Taxonomic composition of marine eukaryotes at the family-level for 18 S was analysed in presence/absence format (Jaccard similarity matrix) to assess the effect of anthropogenic pressure (low, medium, high) and year (2016, 2017) on biological assemblages using PRIMER v 794. Initial PERMANOVA tests showed that the community assemblage recovered with each method was significantly different (P < 0.0001, df = 1, MS = 43340, Pseudo-F = 12.003), resulting in a lack of overlap for families detected with each substrate (Fig. S1). Data from both methods (sediment versus seawater) were therefore analysed in isolation unless otherwise noted. Initial PERMANOVA tests showed that the community assemblage recovered from each year was not significantly different (P = 0.138, df = 1, MS = 11889, Pseudo-F = 1.9556), and so these data were combined for downstream analyses. PERMANOVA (9999 permutations) was therefore used to quantify the differences between anthropogenic pressure categories, and constrained Canonical Analysis of Principal coordinates (CAP) was used to visualise the hypothesis that assemblages detected at differently impacted locations were not the same. Indicator value (IndVal) analyses95 were also conducted using the Indicspecies package (v 1.7.8) in R96,97 to determine the eukaryotic families of importance in community classifications when compared among anthropogenic pressure categories. Family richness among pressure categories was compared using Kruskal-Wallis (KW) tests in R v 3.5.397. Post-hoc pairwise rank sum Wilcoxon tests were used to compare between each pressure category.

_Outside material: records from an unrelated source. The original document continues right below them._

(* Let $\mathcal{A}=\langle L,\mathcal{X},E\rangle$ be a timed automaton, $\ell_0,\ell\in L$, $\nu\in\mathbb{R}_{\ge0}^{\mathcal{X}}$ and $\gamma\subseteq\mathcal{X}$. Then $\mathcal{A}$ has a run from $\langle\ell_0,\mathbf{0}\rangle$ to $\langle\ell,\nu\rangle$ along which the set of clocks reset (i.e. the union of the reset sets $\lambda$ of the discrete transitions taken) is exactly $\gamma$ if and only if $R(\mathcal{A})$ has a run from the state $\langle\ell_0,\mathbf{0},\{\mathbf{0}\},\gamma\rangle$ to some state $\langle\ell,\upsilon,Z,\emptyset\rangle$ with $\upsilon\in\mathbb{N}^{\mathcal{X}}$ and $Z\in\mathcal{Z}_1(\mathcal{X})$ such that $\nu-\upsilon\in Z$.
   Context: Let $\mathcal{X}$ be a finite set of clocks. Clock constraints $\Phi(\mathcal{X})$ are generated by $\varphi ::= \mathbf{true}\mid x<k\mid x=k\mid x>k\mid \varphi\wedge\varphi$ with $k\in\mathbb{N}$, $x\in\mathcal{X}$. A clock valuation is a map $\nu:\mathcal{X}\to\mathbb{R}_{\ge0}$ (the same operations are used for maps $\mathcal{X}\to\mathbb{R}$); $\nu\models\varphi$ denotes satisfaction; $\mathbf{0}$ is the all-zero valuation; $(\nu+t)(x)=\nu(x)+t$ for $t\ge0$; for $\lambda\subseteq\mathcal{X}$, $\nu[\lambda\leftarrow0]$ sets clocks in $\lambda$ to $0$ and leaves others unchanged. A timed automaton is $\mathcal{A}=\langle L,\mathcal{X},E\rangle$ with finite location set $L$, finite clock set $\mathcal{X}$, and edges $E\subseteq L\times\Phi(\mathcal{X})\times2^{\mathcal{X}}\times L$. A configuration is a pair $\langle\ell,\nu\rangle$. Transitions: delay $\langle\ell,\nu\rangle\xrightarrow{d}\langle\ell,\nu+d\rangle$ for $d\ge0$; discrete $\langle\ell,\nu\rangle\xrightarrow{0}\langle\ell',\nu[\lambda\leftarrow0]\rangle$ whenever $\langle\ell,\varphi,\lambda,\ell'\rangle\in E$ and $\nu\models\varphi$. A run is a finite (possibly empty) sequence of consecutive transitions. A 1-bounded zone is a subset of $[0,1]^{\mathcal{X}}$ defined by a finite conjunction of constraints $x_i\bowtie c$ and $x_i-x_j\bowtie c$ with $c\in\{-1,0,1\}$ and $\bowtie\in\{<,\le,=,\ge,>\}$; $\mathcal{Z}_1(\mathcal{X})$ is the (finite) set of 1-bounded zones. For a set $Z$ of valuations, $Z[\lambda\leftarrow0]=\{\nu[\lambda\leftarrow0]:\nu\in Z\}$ and $\overrightarrow{Z}=\{\nu+t:\nu\in Z,t\ge0\}\cap[0,1]^{\mathcal{X}}$; $[\![x=1]\!]$ is the set of valuations with $x=1$; for $\upsilon\in\mathbb{N}^{\mathcal{X}}$, $\upsilon[x\leftarrow x+1]$ increments coordinate $x$ by one. The automaton $R(\mathcal{A})$ is the (infinite-state, nondeterministic, with $\varepsilon$-transitions) automaton over alphabet $\mathcal{X}$ with states $Q=L\times\mathbb{N}^{\mathcal{X}}\times\mathcal{Z}_1(\mathcal{X})\times2^{\mathcal{X}}$ and transitions: (1) delay: $\langle\ell,\upsilon,Z,\gamma\rangle\xrightarrow{\varepsilon}\langle\ell,\upsilon,\overrightarrow{Z},\gamma\rangle$; (2) wrapping, for each $x\in\mathcal{X}$: $\langle\ell,\upsilon,Z,\gamma\rangle\xrightarrow{\sigma}\langle\ell,\upsilon[x\leftarrow x+1],(Z\cap[\![x=1]\!])[x\leftarrow0],\gamma\rangle$, where $\sigma=\varepsilon$ if $x\in\gamma$ and $\sigma=x$ otherwise; (3) for each edge $\langle\ell,\varphi,\lambda,\ell'\rangle\in E$ and each $\gamma'$ with $\gamma'\cup\lambda=\gamma$: $\langle\ell,\upsilon,Z,\gamma\rangle\xrightarrow{\varepsilon}\langle\ell',\upsilon[\lambda\leftarrow0],\{\nu\in Z:\upsilon+\nu\models\varphi\}[\lambda\leftarrow0],\gamma'\rangle$. A run of $R(\mathcal{A})$ on word $w\in\mathcal{X}^*$ is a finite sequence of consecutive transitions whose concatenated labels equal $w$. *)

From Stdlib Require Import Bool Reals List Classical ClassicalEpsilon.
Open Scope bool_scope.
Import ListNotations.
Open Scope R_scope.
Set Implicit Arguments.

Definition finite_type (T : Type) : Prop := exists l : list T, forall x : T, In x l.

Inductive guard (X : Type) : Type :=
| GTrue : guard X
| GLt : X -> nat -> guard X
| GEq : X -> nat -> guard X
| GGt : X -> nat -> guard X
| GAnd : guard X -> guard X -> guard X.
Arguments GTrue {X}.

Fixpoint gsat {X : Type} (v : X -> R) (g : guard X) : Prop :=
  match g with
  | GTrue => True
  | GLt x k => v x < INR k
  | GEq x k => v x = INR k
  | GGt x k => v x > INR k
  | GAnd g1 g2 => gsat v g1 /\ gsat v g2
  end.

Definition clockset (X : Type) := X -> bool.

(** Timed automaton <L, X, E>: L and X are the carrier types (finiteness
    is assumed separately), E is a finite list of edges (l, phi, lambda, l'). *)
Record TA (L X : Type) := mkTA { edges : list (L * guard X * clockset X * L) }.

Definition val0 {X : Type} : X -> R := fun _ => 0.
Definition vdelay {X : Type} (v : X -> R) (t : R) : X -> R := fun x => v x + t.
Definition vreset {X : Type} (v : X -> R) (lam : clockset X) : X -> R :=
  fun x => if lam x then 0 else v x.

Inductive ta_step {L X : Type} (A : TA L X) :
    (L * (X -> R)) -> option (clockset X) -> (L * (X -> R)) -> Prop :=
| ta_delay : forall l v d, 0 <= d -> ta_step A (l, v) None (l, vdelay v d)
| ta_discrete : forall l phi lam l' v,
    In (l, phi, lam, l') (edges A) -> gsat v phi ->
    ta_step A (l, v) (Some lam) (l', vreset v lam).

(** Runs (finite, possibly empty), indexed by the union of the reset sets
    of the discrete transitions taken. *)
Inductive ta_run {L X : Type} (A : TA L X) :
    (L * (X -> R)) -> (L * (X -> R)) -> clockset X -> Prop :=
| ta_run_nil : forall c, ta_run A c c (fun _ => false)
| ta_run_cons : forall c1 c2 c3 lab rs,
    ta_step A c1 lab c2 -> ta_run A c2 c3 rs ->
    ta_run A c1 c3 (fun x => match lab with
                             | None => rs x
                             | Some lam => lam x || rs x end).

Inductive cmp := CLt | CLe | CEq | CGe | CGt.
Inductive cst := Cm1 | C0 | C1.
Definition cst_val (c : cst) : R := match c with Cm1 => -1 | C0 => 0 | C1 => 1 end.
Definition cmp_sat (o : cmp) (a b : R) : Prop :=
  match o with CLt => a < b | CLe => a <= b | CEq => a = b | CGe => a >= b | CGt => a > b end.

Inductive zconstr (X : Type) : Type :=
| ZBound : X -> cmp -> cst -> zconstr X
| ZDiff : X -> X -> cmp -> cst -> zconstr X.

Definition zsat {X : Type} (v : X -> R) (k : zconstr X) : Prop :=
  match k with
  | ZBound x o c => cmp_sat o (v x) (cst_val c)
  | ZDiff x y o c => cmp_sat o (v x - v y) (cst_val c)
  end.

Definition in_unit_cube {X : Type} (v : X -> R) : Prop := forall x, 0 <= v x <= 1.

Definition zone1 {X : Type} (Z : (X -> R) -> Prop) : Prop :=
  exists cs : list (zconstr X),
    forall v, Z v <-> (in_unit_cube v /\ Forall (zsat v) cs).

Definition zreset {X : Type} (Z : (X -> R) -> Prop) (lam : clockset X) : (X -> R) -> Prop :=
  fun v => exists v0, Z v0 /\ v = vreset v0 lam.
Definition zfuture {X : Type} (Z : (X -> R) -> Prop) : (X -> R) -> Prop :=
  fun v => (exists v0 t, Z v0 /\ 0 <= t /\ v = vdelay v0 t) /\ in_unit_cube v.

Definition single {X : Type} (x : X) : clockset X :=
  fun y => if excluded_middle_informative (y = x) then true else false.
Definition incr {X : Type} (u : X -> nat) (x : X) : X -> nat :=
  fun y => if excluded_middle_informative (y = x) then S (u y) else u y.
Definition nreset {X : Type} (u : X -> nat) (lam : clockset X) : X -> nat :=
  fun y => if lam y then 0%nat else u y.
Definition vplus {X : Type} (u : X -> nat) (v : X -> R) : X -> R :=
  fun x => INR (u x) + v x.

Record rstate (L X : Type) := mkR {
  rloc : L; rint : X -> nat; rzone : (X -> R) -> Prop; rgam : clockset X }.
Arguments mkR {L X}.

(** Transitions of R(A); the label None is epsilon.  Target states must lie
    in Q = L x N^X x Z_1(X) x 2^X. *)
Inductive rstep {L X : Type} (A : TA L X) : rstate L X -> option X -> rstate L X -> Prop :=
| r_delay : forall l u Z g,
    zone1 (zfuture Z) ->
    rstep A (mkR l u Z g) None (mkR l u (zfuture Z) g)
| r_wrap : forall l u Z g x,
    zone1 (zreset (fun v => Z v /\ v x = 1) (single x)) ->
    rstep A (mkR l u Z g) (if g x then None else Some x)
          (mkR l (incr u x) (zreset (fun v => Z v /\ v x = 1) (single x)) g)
| r_edge : forall l u Z g phi lam l' g',
    In (l, phi, lam, l') (edges A) ->
    (forall x, g x = g' x || lam x) ->
    zone1 (zreset (fun v => Z v /\ gsat (vplus u v) phi) lam) ->
    rstep A (mkR l u Z g) None
          (mkR l' (nreset u lam) (zreset (fun v => Z v /\ gsat (vplus u v) phi) lam) g').

Inductive rrun {L X : Type} (A : TA L X) : rstate L X -> list X -> rstate L X -> Prop :=
| rrun_nil : forall q, rrun A q [] q
| rrun_cons : forall q1 a q2 w q3,
    rstep A q1 a q2 -> rrun A q2 w q3 ->
    rrun A q1 (match a with None => w | Some x => x :: w end) q3.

The seawater family-level assignments of Anthozoa or Demospongiae ITS2 sequences were analysed in presence/absence format to assess the effect of anthropogenic pressure on community composition and richness using the vegdist (method = “jaccard”) and adonis (permutations = 9999) functions in the vegan R package (v 2.5–6)97,98, and the Kruskal-Wallis test in R v 3.5.397. The effects of anthropogenic pressure on community assemblages were tested at two levels for the seawater ITS2 analysis (low pressure versus high pressure, with a score of 5 acting as the threshold) instead of three levels (low, medium, high) due to the relatively low number of sites that passed the subsampling threshold for sequencing depth (e.g. seawater samples from only ten sites yielded at least 4,000 ITS2 sequences). Moreover, taxonomic assignment of the sediment ITS2 samples failed to identify sufficient Anthozoa and Demospongiae sequences to assess the impact of anthropogenic pressure; only five cnidarian families were identified in total (Agariciidae, Merulinidae, Poritidae, Siderastreidae, and Sphenopidae), and only five sites yielded at least one Anthozoa or Demospongia family-level identification (see Results).